Cronquist and his crew not only had to sort out more than 1,120 parts on each of the 100 engines they built, which, he said, "included every washer, nut, and bolt," but there was the matter of building engines that were not only efficient but durable.

"Winning Atlanta kind of surprised me," Cronquist said, referring to Busch's first triumph for Joe Gibbs Racing in the fourth race of the season, "because I didn't think we were that good at the time, power-wise. We're getting better and we're going to get better yet. The first 3-4 months of the year, we just struggled getting to the racetrack and getting the pieces put together and trying to make a little bit more power.

"We really leaned on the chassis side and the drivers a lot to cover ourselves a little bit. They definitely made up the ground and here, shortly, you're going to see the motor room get better and cover them guys a little bit, so when they're off we still can perform well."

Said White, "You can't even dispute Mark's credentials, because he's built the engines for Gibbs through multiple championships. He knows exactly what the power curve needs to look like and he knows how much durability you have to have, and he knows how you have to be able to run the engines so the crew chiefs and drivers never have to worry about how much time they can spend on the racetrack getting the chassis right.
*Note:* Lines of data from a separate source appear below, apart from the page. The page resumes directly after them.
(* Let $X$ be a Polish space with a fixed compatible metric $d$, $h:X\to\mathbb R$, and let $\alpha,\xi,\zeta$ be countable ordinals. If $P$ is a closed set in $X$ having property $(\xi,\zeta)$ with respect to $h$, then $D^\alpha(h,1,P)$ has property $(\xi,\zeta+\alpha)$ with respect to $h$.
   Context: $B(x,\varepsilon)$ is the open $d$-ball. $D$-derivation: for $f$ defined on a closed set containing $F$, $\varepsilon>0$, closed $F$: $D^0(f,\varepsilon,F)=F$, $D^1(f,\varepsilon,F)$ = set of $x\in F$ such that every neighbourhood $U$ of $x$ contains $x_1,x_2\in F\cap U$ with $|f(x_1)-f(x_2)|\ge\varepsilon$, $D^{\alpha+1}=D^1(f,\varepsilon,D^\alpha(f,\varepsilon,F))$, intersections at limits. A closed set $P$ has property $(\xi,\zeta)$ with respect to $h$ if for every $x\in P$ and every $\varepsilon>0$ there are a closed set $Q\subseteq B(x,\varepsilon)$ and a function $g:Q\to\mathbb N$ such that $g=1$ on $D^\xi(g,1,Q)\cup\{x\}$ and $x\in D^\zeta(gh,1,Q)$. *)

From Stdlib Require Import Reals.
Open Scope R_scope.



Definition is_metric {X : Type} (d : X -> X -> R) : Prop :=
  (forall x y, 0 <= d x y) /\
  (forall x y, d x y = 0 <-> x = y) /\
  (forall x y, d x y = d y x) /\
  (forall x y z, d x z <= d x y + d y z).

Definition cauchy_seq {X : Type} (d : X -> X -> R) (u : nat -> X) : Prop :=
  forall eps, eps > 0 -> exists N, forall m n, (N <= m)%nat -> (N <= n)%nat ->
    d (u m) (u n) < eps.

Definition converges_to {X : Type} (d : X -> X -> R) (u : nat -> X) (l : X) : Prop :=
  forall eps, eps > 0 -> exists N, forall n, (N <= n)%nat -> d (u n) l < eps.

Definition complete_metric {X : Type} (d : X -> X -> R) : Prop :=
  forall u, cauchy_seq d u -> exists l, converges_to d u l.

Definition separable_metric {X : Type} (d : X -> X -> R) : Prop :=
  exists C : X -> Prop,
    (exists e : X -> nat, forall x y, C x -> C y -> e x = e y -> x = y) /\
    (forall x eps, eps > 0 -> exists c, C c /\ d x c < eps).

Definition polish_metric {X : Type} (d : X -> X -> R) : Prop :=
  is_metric d /\ complete_metric d /\ separable_metric d.

Definition ball {X : Type} (d : X -> X -> R) (x : X) (eps : R) : X -> Prop :=
  fun y => d x y < eps.

Definition nbhd {X : Type} (d : X -> X -> R) (x : X) (U : X -> Prop) : Prop :=
  exists delta, delta > 0 /\ forall y, ball d x delta y -> U y.

Definition mclosed {X : Type} (d : X -> X -> R) (F : X -> Prop) : Prop :=
  forall x, (forall delta, delta > 0 -> exists y, F y /\ d x y < delta) -> F x.

(** Countable ordinals, represented as Brouwer trees
    (zero, successor, supremum of an omega-sequence). *)
Inductive ord : Type :=
| OZ : ord
| OS : ord -> ord
| OL : (nat -> ord) -> ord.

Fixpoint oadd (a b : ord) : ord :=
  match b with
  | OZ => a
  | OS b' => OS (oadd a b')
  | OL f => OL (fun n => oadd a (f n))
  end.

(** One step of the D-derivation. Functions are total on X; only their
    values on F matter. *)
Definition D1 {X : Type} (d : X -> X -> R) (f : X -> R) (eps : R)
    (F : X -> Prop) : X -> Prop :=
  fun x => F x /\
    forall U, nbhd d x U ->
      exists x1 x2, F x1 /\ U x1 /\ F x2 /\ U x2 /\ Rabs (f x1 - f x2) >= eps.

Fixpoint Dalpha {X : Type} (d : X -> X -> R) (f : X -> R) (eps : R)
    (F : X -> Prop) (a : ord) : X -> Prop :=
  match a with
  | OZ => F
  | OS b => D1 d f eps (Dalpha d f eps F b)
  | OL g => fun x => forall n, Dalpha d f eps F (g n) x
  end.

(** Property (xi,zeta) with respect to h. g : Q -> N is modelled by a
    total g : X -> nat; gh is the pointwise product. *)
Definition has_property {X : Type} (d : X -> X -> R) (h : X -> R)
    (P : X -> Prop) (xi zeta : ord) : Prop :=
  forall x, P x -> forall eps, eps > 0 ->
    exists (Q : X -> Prop) (g : X -> nat),
      mclosed d Q /\
      (forall y, Q y -> ball d x eps y) /\
      (forall y, Dalpha d (fun z => INR (g z)) 1 Q xi y \/ y = x -> g y = 1%nat) /\
      Dalpha d (fun z => INR (g z) * h z) 1 Q zeta x.

(* Induction on [alpha], where only the successors [OS beta] reached from [alpha] through
   fundamental sequences matter, since [D^(zeta+alpha)] is the intersection of [D^zeta] and
   the [D^(zeta+beta+1)] for those [beta].  Given [x] in [D^alpha(h,1,P)], enumerate these [beta]
   in a sequence where each recurs infinitely often.  At stage [k], inside a radius
   [rho_k -> 0], pick [p, q] in [D^beta(h,1,P)] with [|h p - h q| >= 1] and, by the induction
   hypothesis, witnesses for property [(xi, zeta+beta)] at them, small enough to lie in an
   annulus around [x] and far from each other.  The union [Q] of [{x}] and all these pieces
   is closed, each piece is relatively open in [Q], so derivatives computed in a piece agree
   with those in [Q]; gluing the functions gives [g] with [x] in [D^(zeta+beta+1)(gh,1,Q)]
   for every recurring [beta]. *)

From Stdlib Require Import Reals Lra Lia Classical ClassicalEpsilon.
From Stdlib Require Cantor.
Open Scope R_scope.

Section Metric.
Variables (X : Type) (d : X -> X -> R).
Hypothesis Hm : is_metric d.

Lemma dist_self x : d x x = 0.
Proof. destruct Hm as (_ & Hzero & _). exact (proj2 (Hzero x x) eq_refl). Qed.

Lemma dist_sym x y : d x y = d y x.
Proof. destruct Hm as (_ & _ & Hsym & _). apply Hsym. Qed.

Lemma dist_tri x y z : d x z <= d x y + d y z.
Proof. destruct Hm as (_ & _ & _ & Htri). apply Htri. Qed.

Lemma dist_pos x y : x <> y -> 0 < d x y.
Proof.
  destruct Hm as (Hnn & Hzero & _). intros Hxy.
  destruct (Hnn x y) as [Hlt | Heq]; [exact Hlt|].
  exfalso. apply Hxy, Hzero. now symmetry.
Qed.

End Metric.

Section Ordinals.

Inductive lim_reach : ord -> ord -> Prop :=
| lim_reach_refl a : lim_reach a a
| lim_reach_OL f n a : lim_reach a (f n) -> lim_reach a (OL f).

Lemma ord_lim_reach_ind (P : ord -> Prop) :
  (forall a, (forall b, lim_reach (OS b) a -> P b) -> P a) -> forall a, P a.
Proof.
  intros step a.
  enough (H : P a /\ forall b, lim_reach (OS b) a -> P b) by exact (proj1 H).
  induction a as [|a IH|f IH].
  - assert (Hsucc : forall b, lim_reach (OS b) OZ -> P b) by (intros b Hb; inversion Hb).
    split; [apply step|]; exact Hsucc.
  - assert (Hsucc : forall b, lim_reach (OS b) (OS a) -> P b)
      by (intros b Hb; inversion Hb; subst; exact (proj1 IH)).
    split; [apply step|]; exact Hsucc.
  - assert (Hsucc : forall b, lim_reach (OS b) (OL f) -> P b)
      by (intros b Hb; inversion Hb; subst; eapply IH; eassumption).
    split; [apply step|]; exact Hsucc.
Qed.

Definition enumerable {A : Type} (S : A -> Prop) : Prop :=
  exists e : nat -> option A,
    (forall n a, e n = Some a -> S a) /\ (forall a, S a -> exists n, e n = Some a).

Lemma enumerable_union {A : Type} (S : nat -> A -> Prop) :
  (forall n, enumerable (S n)) -> enumerable (fun a => exists n, S n a).
Proof.
  intros HS. destruct (choice _ HS) as [e He].
  exists (fun k => let (n, m) := Cantor.of_nat k in e n m). split.
  - intros k a Hk. destruct (Cantor.of_nat k) as [n m].
    exists n. exact (proj1 (He n) m a Hk).
  - intros a [n Ha]. destruct (proj2 (He n) a Ha) as [m Hm].
    exists (Cantor.to_nat (n, m)). now rewrite Cantor.cancel_of_to.
Qed.

Lemma succ_reach_enumerable a : enumerable (fun b => lim_reach (OS b) a).
Proof.
  induction a as [|a _|f IH].
  - exists (fun _ => None). split; [discriminate|]. intros b Hb. inversion Hb.
  - exists (fun _ => Some a). split.
    + intros _ b [= <-]. constructor.
    + intros b Hb. exists 0%nat. inversion Hb. reflexivity.
  - destruct (enumerable_union _ IH) as [e [He1 He2]].
    exists e. split.
    + intros n b Hn. destruct (He1 n b Hn) as [m Hm]. econstructor. exact Hm.
    + intros b Hb. apply He2. inversion Hb. eauto.
Qed.

Lemma recurrent_sequence {A : Type} (S : A -> Prop) (a0 : A) :
  enumerable S -> S a0 ->
  exists B : nat -> A, (forall k, S (B k)) /\
    forall a, S a -> forall K, exists k, (K <= k)%nat /\ B k = a.
Proof.
  intros [e [He1 He2]] Ha0.
  exists (fun k => match e (fst (Cantor.of_nat k)) with Some a => a | None => a0 end).
  split.
  - intro k. destruct (e _) eqn:Ek; eauto.
  - intros a Ha K. destruct (He2 a Ha) as [n Hn].
    exists (Cantor.to_nat (n, K)). rewrite Cantor.cancel_of_to. simpl. rewrite Hn.
    split; [|reflexivity]. pose proof (Cantor.to_nat_non_decreasing n K). lia.
Qed.

End Ordinals.

Section Derivation.
Variables (X : Type) (d : X -> X -> R).

Lemma Dalpha_sub f e F a x : Dalpha d f e F a x -> F x.
Proof.
  revert x. induction a as [|a IH|g IH]; simpl; intros x Hx.
  - exact Hx.
  - exact (IH x (proj1 Hx)).
  - exact (IH 0%nat x (Hx 0%nat)).
Qed.

Lemma Dalpha_mono f e (F G : X -> Prop) a x :
  (forall z, F z -> G z) -> Dalpha d f e F a x -> Dalpha d f e G a x.
Proof.
  intros HFG. revert x. induction a as [|a IH|g IH]; simpl; intros x Hx.
  - auto.
  - destruct Hx as [Hx HU]. split; [auto|].
    intros U Hnb. destruct (HU U Hnb) as (x1 & x2 & H1 & U1 & H2 & U2 & Hjump).
    exists x1, x2. auto 7.
  - intro n. apply IH, Hx.
Qed.

Lemma Dalpha_ext f f' e F a x :
  (forall z, F z -> f z = f' z) -> Dalpha d f e F a x -> Dalpha d f' e F a x.
Proof.
  intros Hff'. revert x. induction a as [|a IH|g IH]; simpl; intros x Hx.
  - auto.
  - destruct Hx as [Hx HU]. split; [auto|].
    intros U Hnb. destruct (HU U Hnb) as (x1 & x2 & H1 & U1 & H2 & U2 & Hjump).
    exists x1, x2. rewrite <- !Hff' by (eapply Dalpha_sub; eassumption). auto 7.
  - intro n. apply IH, Hx.
Qed.

Lemma Dalpha_oadd_sub f e F zeta b x :
  Dalpha d f e F (oadd zeta b) x -> Dalpha d f e F zeta x.
Proof.
  revert x. induction b as [|b IH|g IH]; simpl; intros x Hx.
  - exact Hx.
  - exact (IH x (proj1 Hx)).
  - exact (IH 0%nat x (Hx 0%nat)).
Qed.

Lemma Dalpha_lim_reach f e F a b x :
  lim_reach a b -> Dalpha d f e F b x -> Dalpha d f e F a x.
Proof. induction 1; simpl; auto. Qed.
"That's something at TRD that we're running up against, because we don't have that kind of experience."

Which explained why White was quick to dismiss talk of a manufacturers' championship.

"I don't think we're even going to contemplate that at this point; there's still so much racing to go," he said. "I mean, it would be phenomenal to even have a chance to contend, which would mean making the Chase with even a couple of guys. But there's still a lot of racing to go, and a lot of work to do."